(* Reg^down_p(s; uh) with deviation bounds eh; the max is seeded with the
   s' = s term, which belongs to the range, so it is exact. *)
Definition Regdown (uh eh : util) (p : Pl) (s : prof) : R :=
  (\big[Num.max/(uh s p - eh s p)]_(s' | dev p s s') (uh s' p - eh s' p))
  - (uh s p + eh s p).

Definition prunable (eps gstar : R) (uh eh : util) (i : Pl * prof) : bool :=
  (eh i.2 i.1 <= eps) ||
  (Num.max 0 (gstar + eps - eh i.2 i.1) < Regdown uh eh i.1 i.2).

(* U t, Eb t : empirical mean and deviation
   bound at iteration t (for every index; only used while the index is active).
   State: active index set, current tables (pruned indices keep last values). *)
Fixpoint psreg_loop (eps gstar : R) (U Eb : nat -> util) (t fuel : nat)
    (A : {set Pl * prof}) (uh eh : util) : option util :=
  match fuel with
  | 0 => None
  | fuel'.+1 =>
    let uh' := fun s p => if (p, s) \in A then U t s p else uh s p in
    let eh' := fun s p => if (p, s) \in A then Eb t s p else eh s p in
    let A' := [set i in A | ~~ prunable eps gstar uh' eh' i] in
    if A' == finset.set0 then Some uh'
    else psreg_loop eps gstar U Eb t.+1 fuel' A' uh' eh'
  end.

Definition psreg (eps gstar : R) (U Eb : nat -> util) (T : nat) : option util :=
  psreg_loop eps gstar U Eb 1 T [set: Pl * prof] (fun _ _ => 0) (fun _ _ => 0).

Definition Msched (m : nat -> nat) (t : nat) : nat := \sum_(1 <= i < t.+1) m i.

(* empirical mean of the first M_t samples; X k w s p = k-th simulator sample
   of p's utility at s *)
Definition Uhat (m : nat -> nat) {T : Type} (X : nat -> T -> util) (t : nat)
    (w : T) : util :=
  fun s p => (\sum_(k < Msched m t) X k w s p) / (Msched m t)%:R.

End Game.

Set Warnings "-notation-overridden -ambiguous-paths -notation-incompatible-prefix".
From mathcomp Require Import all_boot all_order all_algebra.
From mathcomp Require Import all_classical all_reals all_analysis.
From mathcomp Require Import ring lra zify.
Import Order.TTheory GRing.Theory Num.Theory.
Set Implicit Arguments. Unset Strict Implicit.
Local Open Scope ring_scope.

__________

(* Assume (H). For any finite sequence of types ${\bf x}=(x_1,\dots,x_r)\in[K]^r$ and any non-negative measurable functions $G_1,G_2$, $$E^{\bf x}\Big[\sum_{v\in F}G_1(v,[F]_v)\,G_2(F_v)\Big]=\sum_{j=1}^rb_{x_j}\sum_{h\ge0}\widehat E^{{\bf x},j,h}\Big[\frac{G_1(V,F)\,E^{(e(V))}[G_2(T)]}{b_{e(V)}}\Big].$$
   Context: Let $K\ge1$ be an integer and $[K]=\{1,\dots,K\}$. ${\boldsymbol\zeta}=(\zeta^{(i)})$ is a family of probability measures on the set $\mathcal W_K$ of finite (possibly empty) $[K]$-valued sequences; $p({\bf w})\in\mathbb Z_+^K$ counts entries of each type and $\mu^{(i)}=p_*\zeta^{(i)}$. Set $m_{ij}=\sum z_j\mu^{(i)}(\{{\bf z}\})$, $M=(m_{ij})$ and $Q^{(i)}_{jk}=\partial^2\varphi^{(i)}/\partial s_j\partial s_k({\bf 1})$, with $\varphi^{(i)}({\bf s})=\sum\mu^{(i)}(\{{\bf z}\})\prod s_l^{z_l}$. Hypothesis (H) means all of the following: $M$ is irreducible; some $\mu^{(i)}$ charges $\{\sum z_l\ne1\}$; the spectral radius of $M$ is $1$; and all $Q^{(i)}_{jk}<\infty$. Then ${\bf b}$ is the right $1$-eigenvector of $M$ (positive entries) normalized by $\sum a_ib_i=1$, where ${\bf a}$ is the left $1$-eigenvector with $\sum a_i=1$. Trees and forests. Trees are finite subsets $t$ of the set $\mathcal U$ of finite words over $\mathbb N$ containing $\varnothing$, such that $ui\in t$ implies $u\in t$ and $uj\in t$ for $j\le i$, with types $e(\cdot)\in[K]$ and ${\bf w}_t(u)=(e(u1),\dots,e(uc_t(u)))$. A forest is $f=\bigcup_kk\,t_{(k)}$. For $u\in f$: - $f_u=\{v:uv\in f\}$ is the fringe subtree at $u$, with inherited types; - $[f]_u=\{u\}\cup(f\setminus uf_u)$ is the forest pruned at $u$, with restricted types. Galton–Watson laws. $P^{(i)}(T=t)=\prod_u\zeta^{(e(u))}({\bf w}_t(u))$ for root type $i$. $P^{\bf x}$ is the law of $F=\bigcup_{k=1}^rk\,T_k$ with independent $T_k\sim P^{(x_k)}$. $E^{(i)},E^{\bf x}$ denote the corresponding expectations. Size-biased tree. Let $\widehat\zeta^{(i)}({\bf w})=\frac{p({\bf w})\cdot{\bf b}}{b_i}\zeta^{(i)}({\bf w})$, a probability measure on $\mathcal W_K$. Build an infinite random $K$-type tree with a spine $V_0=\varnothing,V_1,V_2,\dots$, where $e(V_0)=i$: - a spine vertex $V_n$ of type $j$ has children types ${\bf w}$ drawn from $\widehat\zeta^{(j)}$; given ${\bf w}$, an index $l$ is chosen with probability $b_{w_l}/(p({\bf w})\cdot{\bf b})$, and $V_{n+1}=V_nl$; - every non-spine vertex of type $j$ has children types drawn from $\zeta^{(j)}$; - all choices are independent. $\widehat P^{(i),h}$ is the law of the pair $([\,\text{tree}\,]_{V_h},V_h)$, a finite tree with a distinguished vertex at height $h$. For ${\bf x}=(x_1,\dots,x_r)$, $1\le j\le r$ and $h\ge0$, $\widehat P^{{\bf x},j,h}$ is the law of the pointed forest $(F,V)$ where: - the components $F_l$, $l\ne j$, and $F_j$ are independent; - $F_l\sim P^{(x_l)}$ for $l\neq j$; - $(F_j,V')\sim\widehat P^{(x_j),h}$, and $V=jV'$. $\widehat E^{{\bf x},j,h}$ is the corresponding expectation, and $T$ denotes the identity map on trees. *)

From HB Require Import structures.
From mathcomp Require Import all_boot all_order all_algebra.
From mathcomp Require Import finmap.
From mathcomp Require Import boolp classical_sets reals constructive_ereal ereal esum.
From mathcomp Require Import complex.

__________

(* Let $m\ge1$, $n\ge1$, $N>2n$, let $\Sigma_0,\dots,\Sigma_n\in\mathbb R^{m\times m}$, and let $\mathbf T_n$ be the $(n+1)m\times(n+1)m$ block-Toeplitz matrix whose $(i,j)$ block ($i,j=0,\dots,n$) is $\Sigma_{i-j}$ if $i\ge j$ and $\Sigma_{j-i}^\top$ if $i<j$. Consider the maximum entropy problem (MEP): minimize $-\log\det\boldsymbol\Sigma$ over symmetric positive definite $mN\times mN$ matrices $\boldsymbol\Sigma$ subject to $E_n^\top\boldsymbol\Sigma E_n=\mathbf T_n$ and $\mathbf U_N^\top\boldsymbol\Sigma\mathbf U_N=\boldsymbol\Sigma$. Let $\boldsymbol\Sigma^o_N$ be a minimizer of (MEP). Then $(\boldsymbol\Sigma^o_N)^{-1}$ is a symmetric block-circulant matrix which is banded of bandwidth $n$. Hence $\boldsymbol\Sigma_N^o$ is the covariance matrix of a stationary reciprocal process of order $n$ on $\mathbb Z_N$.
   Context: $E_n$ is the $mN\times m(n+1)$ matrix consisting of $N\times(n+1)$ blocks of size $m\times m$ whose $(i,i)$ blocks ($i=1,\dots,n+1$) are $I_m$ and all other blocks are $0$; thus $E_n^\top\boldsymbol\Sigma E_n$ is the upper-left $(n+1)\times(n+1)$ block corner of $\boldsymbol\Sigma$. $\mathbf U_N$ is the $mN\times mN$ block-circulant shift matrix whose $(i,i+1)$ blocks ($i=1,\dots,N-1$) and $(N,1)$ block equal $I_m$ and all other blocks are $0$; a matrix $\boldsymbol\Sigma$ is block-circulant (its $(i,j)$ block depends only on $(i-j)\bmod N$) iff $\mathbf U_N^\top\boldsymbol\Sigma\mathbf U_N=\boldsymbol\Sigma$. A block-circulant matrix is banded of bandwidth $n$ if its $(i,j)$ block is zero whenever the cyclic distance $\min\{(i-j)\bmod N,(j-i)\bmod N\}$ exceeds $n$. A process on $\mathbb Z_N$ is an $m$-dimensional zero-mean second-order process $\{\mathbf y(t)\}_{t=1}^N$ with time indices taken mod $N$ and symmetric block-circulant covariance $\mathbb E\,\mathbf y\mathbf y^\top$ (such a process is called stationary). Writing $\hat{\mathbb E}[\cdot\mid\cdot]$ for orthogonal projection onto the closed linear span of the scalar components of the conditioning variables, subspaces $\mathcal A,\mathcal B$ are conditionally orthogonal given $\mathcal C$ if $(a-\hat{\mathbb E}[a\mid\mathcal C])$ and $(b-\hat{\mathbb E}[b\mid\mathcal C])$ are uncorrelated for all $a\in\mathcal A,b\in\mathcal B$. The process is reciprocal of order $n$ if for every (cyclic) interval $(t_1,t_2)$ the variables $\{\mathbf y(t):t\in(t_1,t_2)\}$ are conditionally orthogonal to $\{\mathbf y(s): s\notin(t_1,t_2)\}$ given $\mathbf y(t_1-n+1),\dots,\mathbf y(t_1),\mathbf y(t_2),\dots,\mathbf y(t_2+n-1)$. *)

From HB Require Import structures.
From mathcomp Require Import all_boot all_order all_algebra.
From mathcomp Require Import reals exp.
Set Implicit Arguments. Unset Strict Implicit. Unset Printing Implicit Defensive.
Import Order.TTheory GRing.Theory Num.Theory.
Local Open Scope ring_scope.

__________

Pick out each line above that includes "mathcomp" and show it.

From mathcomp Require Import all_boot all_order all_algebra.
From mathcomp Require Import all_classical all_reals all_analysis.
From mathcomp Require Import ring lra zify.
From mathcomp Require Import all_boot all_order all_algebra.
From mathcomp Require Import finmap.
From mathcomp Require Import boolp classical_sets reals constructive_ereal ereal esum.
From mathcomp Require Import complex.
From mathcomp Require Import all_boot all_order all_algebra.
From mathcomp Require Import reals exp.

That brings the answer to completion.